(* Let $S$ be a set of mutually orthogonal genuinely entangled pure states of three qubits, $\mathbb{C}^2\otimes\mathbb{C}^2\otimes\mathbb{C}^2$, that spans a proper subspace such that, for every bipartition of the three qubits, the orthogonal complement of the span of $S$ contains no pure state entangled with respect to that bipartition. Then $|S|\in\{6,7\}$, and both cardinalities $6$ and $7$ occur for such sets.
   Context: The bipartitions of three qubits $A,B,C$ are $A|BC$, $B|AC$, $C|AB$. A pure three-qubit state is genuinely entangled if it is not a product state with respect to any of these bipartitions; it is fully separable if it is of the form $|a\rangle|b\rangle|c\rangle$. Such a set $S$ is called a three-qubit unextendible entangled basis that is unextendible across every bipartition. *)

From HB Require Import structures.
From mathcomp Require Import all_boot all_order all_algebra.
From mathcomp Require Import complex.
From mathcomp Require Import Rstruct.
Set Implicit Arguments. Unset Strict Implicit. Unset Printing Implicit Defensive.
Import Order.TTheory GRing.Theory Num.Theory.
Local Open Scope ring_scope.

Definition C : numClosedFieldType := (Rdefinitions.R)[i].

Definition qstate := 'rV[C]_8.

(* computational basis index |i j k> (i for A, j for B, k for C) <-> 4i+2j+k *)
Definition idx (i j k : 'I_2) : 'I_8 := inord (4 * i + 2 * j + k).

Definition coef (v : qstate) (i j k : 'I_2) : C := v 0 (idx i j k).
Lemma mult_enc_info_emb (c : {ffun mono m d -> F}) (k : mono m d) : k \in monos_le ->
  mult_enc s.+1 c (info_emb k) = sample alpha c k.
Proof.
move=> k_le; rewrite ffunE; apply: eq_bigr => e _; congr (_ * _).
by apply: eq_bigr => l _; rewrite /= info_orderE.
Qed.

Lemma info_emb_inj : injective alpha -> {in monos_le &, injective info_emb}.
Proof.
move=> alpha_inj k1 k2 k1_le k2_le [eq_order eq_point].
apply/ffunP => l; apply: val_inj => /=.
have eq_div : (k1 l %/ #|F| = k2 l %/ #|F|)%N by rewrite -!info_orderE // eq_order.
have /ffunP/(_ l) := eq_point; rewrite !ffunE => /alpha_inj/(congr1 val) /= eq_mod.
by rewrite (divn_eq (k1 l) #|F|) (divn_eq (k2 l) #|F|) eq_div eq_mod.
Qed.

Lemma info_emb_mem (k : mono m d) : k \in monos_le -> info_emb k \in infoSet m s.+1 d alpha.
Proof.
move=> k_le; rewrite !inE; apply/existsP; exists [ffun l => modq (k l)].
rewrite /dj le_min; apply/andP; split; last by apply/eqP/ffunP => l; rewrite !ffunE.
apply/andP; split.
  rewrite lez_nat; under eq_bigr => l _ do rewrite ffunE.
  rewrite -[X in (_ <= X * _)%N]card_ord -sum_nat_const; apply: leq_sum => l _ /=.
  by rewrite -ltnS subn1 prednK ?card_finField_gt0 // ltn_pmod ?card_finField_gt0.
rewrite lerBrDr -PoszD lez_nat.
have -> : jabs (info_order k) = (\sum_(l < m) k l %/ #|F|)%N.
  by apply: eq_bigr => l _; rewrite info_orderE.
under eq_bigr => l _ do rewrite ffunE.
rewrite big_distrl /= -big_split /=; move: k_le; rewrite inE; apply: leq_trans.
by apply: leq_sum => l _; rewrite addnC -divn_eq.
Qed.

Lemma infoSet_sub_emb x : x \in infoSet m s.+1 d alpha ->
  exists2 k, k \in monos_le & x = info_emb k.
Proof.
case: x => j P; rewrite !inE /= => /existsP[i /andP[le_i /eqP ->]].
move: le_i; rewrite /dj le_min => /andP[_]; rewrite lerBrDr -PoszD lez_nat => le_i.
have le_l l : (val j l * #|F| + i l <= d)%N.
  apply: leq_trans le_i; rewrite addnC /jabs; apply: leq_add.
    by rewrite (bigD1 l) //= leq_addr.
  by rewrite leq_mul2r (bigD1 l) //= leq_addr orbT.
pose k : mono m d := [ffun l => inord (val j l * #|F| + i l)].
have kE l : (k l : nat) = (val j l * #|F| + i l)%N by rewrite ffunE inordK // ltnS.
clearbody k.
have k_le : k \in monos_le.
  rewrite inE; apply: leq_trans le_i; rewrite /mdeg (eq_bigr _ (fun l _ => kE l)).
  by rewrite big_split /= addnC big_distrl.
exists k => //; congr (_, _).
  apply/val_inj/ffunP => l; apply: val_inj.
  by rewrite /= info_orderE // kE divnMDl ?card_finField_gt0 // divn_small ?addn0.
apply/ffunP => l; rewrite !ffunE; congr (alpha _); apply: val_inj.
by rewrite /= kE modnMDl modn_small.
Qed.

==

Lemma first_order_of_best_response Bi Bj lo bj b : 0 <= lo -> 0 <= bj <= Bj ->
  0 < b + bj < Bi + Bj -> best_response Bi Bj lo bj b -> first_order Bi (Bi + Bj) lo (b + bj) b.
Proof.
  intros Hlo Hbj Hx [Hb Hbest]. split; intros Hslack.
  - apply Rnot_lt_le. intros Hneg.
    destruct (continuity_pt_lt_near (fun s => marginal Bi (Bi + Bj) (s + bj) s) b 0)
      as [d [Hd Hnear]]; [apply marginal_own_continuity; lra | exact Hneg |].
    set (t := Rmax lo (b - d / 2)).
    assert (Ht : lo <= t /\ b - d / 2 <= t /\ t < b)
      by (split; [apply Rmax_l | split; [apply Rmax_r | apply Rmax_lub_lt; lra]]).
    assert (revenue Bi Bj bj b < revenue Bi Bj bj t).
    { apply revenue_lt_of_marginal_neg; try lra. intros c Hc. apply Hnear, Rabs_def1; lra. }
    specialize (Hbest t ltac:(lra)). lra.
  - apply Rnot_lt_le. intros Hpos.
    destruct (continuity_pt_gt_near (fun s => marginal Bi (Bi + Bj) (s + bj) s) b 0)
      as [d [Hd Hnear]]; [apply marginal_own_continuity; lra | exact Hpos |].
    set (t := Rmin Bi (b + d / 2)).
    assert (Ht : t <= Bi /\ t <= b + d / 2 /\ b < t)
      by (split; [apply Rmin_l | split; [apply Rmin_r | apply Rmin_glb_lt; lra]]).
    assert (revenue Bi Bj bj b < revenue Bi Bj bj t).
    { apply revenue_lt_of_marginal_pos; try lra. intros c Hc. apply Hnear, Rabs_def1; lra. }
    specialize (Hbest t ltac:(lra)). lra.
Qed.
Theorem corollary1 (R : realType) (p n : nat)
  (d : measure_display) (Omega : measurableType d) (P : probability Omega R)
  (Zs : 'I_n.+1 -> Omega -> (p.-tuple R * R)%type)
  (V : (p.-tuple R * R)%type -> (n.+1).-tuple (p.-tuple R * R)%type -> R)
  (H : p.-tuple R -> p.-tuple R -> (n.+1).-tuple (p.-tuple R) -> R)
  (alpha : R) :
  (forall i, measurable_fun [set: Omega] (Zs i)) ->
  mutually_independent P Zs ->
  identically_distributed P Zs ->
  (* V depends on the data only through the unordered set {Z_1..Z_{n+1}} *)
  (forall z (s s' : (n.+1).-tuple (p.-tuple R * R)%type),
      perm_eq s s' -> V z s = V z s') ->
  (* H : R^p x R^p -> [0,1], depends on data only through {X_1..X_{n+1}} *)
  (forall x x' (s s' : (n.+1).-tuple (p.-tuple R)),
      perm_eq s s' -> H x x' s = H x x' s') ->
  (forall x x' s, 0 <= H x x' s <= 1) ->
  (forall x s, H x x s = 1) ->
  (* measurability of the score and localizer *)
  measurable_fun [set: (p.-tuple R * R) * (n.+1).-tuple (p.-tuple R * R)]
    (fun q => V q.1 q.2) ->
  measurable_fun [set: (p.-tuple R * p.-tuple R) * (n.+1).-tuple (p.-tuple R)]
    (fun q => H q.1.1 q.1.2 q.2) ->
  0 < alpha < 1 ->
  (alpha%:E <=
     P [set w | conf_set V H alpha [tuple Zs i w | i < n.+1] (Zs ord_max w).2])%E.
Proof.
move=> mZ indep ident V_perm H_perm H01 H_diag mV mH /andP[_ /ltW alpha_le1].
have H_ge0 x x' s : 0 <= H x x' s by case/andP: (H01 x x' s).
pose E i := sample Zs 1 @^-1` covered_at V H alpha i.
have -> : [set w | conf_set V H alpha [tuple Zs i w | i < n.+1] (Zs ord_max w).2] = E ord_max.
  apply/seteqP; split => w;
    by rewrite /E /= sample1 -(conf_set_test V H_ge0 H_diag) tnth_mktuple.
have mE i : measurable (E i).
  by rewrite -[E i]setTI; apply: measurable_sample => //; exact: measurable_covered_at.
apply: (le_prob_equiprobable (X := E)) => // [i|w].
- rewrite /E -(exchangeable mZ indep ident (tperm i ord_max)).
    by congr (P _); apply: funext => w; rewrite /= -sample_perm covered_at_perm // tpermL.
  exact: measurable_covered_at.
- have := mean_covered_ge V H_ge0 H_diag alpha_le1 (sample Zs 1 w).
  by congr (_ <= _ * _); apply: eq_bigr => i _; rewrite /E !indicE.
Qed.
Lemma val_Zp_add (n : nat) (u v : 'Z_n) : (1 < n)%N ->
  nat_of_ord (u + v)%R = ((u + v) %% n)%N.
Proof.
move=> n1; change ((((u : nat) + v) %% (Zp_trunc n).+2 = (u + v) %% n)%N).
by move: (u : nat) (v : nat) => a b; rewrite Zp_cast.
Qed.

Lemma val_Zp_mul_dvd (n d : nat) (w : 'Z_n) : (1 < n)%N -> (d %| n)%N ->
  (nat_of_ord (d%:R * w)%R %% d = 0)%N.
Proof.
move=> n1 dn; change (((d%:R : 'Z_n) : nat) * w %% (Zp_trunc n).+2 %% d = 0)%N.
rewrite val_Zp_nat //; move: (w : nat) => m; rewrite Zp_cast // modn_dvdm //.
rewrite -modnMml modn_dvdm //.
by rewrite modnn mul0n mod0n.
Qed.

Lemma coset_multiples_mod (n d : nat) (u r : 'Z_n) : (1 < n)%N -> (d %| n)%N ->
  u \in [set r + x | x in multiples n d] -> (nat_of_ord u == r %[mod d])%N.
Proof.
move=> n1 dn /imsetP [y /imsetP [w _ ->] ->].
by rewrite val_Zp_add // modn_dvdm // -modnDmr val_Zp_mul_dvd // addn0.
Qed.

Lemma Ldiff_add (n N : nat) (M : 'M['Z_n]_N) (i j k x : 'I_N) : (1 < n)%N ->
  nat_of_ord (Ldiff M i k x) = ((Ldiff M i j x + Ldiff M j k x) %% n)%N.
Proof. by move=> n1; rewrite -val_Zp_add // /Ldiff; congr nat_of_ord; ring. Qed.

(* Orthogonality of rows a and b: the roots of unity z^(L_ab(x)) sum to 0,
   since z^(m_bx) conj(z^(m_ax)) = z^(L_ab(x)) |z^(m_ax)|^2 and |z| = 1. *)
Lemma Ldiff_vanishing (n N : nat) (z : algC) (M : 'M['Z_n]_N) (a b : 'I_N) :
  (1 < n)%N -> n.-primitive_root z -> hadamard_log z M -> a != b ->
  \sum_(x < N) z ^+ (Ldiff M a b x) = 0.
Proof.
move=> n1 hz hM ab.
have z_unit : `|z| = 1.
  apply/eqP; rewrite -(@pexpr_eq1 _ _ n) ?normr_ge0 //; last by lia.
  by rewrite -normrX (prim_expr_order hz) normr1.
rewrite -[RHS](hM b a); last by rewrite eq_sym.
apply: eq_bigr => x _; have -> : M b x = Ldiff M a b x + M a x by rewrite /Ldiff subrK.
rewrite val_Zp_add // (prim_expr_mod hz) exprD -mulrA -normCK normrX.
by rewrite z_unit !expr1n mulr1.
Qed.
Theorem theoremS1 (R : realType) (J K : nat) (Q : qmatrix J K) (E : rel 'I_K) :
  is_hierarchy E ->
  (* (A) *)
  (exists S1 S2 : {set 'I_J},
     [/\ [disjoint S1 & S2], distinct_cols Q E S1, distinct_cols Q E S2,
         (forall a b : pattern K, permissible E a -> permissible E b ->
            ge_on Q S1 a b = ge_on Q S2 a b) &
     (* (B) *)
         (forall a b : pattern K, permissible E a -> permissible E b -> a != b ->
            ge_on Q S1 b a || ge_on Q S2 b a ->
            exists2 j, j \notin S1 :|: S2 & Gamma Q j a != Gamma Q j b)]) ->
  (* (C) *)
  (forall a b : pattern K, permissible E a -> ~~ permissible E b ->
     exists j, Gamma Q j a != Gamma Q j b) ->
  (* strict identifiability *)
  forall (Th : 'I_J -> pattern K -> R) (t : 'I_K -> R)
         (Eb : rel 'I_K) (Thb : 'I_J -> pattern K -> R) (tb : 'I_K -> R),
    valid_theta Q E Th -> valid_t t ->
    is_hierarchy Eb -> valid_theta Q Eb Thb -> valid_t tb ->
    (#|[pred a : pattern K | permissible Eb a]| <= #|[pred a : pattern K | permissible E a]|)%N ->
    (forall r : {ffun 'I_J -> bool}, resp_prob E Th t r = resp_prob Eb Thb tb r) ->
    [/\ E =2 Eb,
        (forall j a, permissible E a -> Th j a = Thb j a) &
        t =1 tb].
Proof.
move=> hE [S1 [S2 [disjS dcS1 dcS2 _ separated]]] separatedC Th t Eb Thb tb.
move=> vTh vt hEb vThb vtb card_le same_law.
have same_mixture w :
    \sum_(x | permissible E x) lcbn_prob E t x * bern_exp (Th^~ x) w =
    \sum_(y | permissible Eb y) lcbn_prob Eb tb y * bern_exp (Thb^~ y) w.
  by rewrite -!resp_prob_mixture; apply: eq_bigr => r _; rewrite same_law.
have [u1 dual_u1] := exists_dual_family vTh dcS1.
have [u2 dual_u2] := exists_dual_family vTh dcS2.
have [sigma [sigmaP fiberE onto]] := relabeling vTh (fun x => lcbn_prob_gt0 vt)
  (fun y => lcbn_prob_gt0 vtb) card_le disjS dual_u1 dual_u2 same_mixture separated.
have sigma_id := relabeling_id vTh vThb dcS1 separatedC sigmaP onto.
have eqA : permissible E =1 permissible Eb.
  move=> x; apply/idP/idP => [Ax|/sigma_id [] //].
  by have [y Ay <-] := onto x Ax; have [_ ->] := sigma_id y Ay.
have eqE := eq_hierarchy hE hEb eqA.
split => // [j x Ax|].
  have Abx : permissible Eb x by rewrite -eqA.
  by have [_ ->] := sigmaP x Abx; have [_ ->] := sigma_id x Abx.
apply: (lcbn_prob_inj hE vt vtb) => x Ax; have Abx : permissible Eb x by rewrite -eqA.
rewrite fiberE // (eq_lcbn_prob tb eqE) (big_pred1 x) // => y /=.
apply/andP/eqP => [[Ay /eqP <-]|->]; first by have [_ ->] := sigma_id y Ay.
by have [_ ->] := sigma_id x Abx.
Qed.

--

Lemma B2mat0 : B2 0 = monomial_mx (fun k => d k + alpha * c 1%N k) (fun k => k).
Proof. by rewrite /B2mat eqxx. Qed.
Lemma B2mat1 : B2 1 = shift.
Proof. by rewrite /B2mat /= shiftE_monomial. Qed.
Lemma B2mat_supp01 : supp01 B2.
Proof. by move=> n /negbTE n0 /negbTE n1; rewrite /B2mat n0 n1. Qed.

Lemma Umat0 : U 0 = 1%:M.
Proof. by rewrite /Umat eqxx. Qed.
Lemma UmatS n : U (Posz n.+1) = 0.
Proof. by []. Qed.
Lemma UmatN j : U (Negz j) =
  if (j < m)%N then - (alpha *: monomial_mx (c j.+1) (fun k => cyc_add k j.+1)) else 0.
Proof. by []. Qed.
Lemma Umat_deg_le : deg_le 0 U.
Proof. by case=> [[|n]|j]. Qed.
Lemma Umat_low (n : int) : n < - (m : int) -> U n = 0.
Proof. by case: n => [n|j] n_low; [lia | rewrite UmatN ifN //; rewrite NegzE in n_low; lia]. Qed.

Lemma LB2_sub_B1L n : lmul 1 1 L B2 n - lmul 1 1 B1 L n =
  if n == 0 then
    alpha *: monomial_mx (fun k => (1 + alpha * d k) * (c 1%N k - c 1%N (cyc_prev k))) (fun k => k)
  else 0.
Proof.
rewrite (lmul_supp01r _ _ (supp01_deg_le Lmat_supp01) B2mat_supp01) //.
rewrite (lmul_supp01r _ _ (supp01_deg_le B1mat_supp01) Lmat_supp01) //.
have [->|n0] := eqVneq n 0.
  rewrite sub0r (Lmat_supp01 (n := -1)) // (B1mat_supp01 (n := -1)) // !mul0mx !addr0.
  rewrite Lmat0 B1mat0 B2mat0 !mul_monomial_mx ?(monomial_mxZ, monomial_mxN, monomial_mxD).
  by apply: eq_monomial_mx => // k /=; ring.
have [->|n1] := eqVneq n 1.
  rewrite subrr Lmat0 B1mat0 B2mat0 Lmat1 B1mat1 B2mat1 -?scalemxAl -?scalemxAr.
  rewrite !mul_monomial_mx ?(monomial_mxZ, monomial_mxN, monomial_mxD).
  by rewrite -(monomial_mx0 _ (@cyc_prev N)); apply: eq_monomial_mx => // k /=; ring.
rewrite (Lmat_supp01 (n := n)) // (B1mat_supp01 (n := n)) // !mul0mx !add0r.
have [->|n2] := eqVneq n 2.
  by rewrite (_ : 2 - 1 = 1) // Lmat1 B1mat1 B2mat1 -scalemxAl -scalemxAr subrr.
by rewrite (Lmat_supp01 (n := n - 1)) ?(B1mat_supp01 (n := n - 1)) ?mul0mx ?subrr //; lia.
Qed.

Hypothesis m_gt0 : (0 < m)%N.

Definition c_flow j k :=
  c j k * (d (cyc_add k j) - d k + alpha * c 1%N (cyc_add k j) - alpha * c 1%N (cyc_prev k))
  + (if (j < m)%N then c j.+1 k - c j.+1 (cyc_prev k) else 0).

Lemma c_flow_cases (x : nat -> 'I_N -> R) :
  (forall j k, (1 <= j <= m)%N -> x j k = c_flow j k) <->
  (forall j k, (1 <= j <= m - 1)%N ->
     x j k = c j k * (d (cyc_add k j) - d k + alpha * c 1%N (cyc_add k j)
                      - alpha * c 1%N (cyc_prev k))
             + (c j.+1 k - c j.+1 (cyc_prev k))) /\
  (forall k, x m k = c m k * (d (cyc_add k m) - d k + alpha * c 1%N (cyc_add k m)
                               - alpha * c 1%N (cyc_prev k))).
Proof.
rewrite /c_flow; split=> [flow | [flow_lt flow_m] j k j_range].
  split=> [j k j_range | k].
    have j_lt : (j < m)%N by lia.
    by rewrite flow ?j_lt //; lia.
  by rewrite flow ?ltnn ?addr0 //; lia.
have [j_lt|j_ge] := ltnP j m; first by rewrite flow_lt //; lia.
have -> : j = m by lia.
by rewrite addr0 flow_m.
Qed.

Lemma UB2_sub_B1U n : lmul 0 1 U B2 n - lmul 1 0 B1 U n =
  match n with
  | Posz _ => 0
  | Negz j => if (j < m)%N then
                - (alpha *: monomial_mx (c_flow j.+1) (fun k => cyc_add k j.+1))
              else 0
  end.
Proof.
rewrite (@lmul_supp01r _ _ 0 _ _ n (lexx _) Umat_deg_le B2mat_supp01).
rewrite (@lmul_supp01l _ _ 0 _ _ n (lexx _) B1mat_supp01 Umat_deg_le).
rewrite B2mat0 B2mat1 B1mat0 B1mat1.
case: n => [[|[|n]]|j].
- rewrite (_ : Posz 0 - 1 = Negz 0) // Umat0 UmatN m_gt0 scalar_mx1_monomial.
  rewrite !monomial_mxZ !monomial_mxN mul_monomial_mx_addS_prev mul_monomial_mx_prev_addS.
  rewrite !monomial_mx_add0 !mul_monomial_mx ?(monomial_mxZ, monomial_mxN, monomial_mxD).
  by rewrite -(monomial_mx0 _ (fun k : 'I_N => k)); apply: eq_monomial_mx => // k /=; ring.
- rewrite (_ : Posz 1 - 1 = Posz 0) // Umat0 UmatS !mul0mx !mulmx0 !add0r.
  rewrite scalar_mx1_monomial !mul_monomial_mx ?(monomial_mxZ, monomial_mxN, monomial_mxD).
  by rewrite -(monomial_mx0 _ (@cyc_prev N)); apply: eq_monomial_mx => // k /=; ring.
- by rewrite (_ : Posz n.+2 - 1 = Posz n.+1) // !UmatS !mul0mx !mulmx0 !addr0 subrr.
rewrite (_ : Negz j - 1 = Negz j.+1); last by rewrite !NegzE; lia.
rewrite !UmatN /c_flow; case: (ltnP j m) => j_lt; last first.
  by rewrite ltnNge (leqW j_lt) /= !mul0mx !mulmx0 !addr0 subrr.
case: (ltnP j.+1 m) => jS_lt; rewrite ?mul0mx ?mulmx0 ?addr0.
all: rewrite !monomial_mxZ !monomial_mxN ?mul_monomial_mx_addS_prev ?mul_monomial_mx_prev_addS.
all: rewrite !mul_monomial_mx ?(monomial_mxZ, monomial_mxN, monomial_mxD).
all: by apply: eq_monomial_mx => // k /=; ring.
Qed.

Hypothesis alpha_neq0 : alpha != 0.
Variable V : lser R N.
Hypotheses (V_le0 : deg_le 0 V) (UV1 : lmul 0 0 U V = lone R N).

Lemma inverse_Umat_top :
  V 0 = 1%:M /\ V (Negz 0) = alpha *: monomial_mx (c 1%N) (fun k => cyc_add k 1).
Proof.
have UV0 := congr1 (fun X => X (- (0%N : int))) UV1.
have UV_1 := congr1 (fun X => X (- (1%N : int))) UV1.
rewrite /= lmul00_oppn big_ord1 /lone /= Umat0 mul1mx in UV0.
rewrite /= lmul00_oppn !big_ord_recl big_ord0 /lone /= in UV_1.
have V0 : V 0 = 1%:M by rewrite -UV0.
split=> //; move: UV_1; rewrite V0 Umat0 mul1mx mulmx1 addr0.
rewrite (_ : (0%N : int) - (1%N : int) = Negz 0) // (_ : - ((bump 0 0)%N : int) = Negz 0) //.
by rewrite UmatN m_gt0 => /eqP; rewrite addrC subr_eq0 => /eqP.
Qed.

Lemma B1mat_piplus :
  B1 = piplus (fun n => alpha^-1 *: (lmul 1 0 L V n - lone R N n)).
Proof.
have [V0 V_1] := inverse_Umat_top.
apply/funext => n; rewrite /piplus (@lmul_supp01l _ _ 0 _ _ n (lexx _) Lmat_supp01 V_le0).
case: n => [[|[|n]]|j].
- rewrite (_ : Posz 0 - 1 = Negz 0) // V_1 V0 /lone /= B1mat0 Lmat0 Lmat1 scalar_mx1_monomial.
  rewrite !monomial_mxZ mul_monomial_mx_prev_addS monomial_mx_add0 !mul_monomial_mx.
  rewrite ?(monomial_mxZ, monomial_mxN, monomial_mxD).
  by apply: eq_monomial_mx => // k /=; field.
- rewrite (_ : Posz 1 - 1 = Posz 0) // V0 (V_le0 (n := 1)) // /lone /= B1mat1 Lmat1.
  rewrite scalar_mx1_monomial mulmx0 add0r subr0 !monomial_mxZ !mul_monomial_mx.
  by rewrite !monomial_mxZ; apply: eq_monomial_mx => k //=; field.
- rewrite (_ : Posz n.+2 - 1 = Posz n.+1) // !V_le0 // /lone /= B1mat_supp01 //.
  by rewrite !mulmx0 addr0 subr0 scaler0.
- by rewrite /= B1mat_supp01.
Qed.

> [Aim of the task]
Once you find the line with "by (split; [apply Rmin_l" in the entries above, output it and each line after it up to and including the line with "perm_eq s s' -> V z s = V z s') ->", and nothing else.

> [Exercise output]
      by (split; [apply Rmin_l | split; [apply Rmin_r | apply Rmin_glb_lt; lra]]).
    assert (revenue Bi Bj bj b < revenue Bi Bj bj t).
    { apply revenue_lt_of_marginal_pos; try lra. intros c Hc. apply Hnear, Rabs_def1; lra. }
    specialize (Hbest t ltac:(lra)). lra.
Qed.
Theorem corollary1 (R : realType) (p n : nat)
  (d : measure_display) (Omega : measurableType d) (P : probability Omega R)
  (Zs : 'I_n.+1 -> Omega -> (p.-tuple R * R)%type)
  (V : (p.-tuple R * R)%type -> (n.+1).-tuple (p.-tuple R * R)%type -> R)
  (H : p.-tuple R -> p.-tuple R -> (n.+1).-tuple (p.-tuple R) -> R)
  (alpha : R) :
  (forall i, measurable_fun [set: Omega] (Zs i)) ->
  mutually_independent P Zs ->
  identically_distributed P Zs ->
  (* V depends on the data only through the unordered set {Z_1..Z_{n+1}} *)
  (forall z (s s' : (n.+1).-tuple (p.-tuple R * R)%type),
      perm_eq s s' -> V z s = V z s') ->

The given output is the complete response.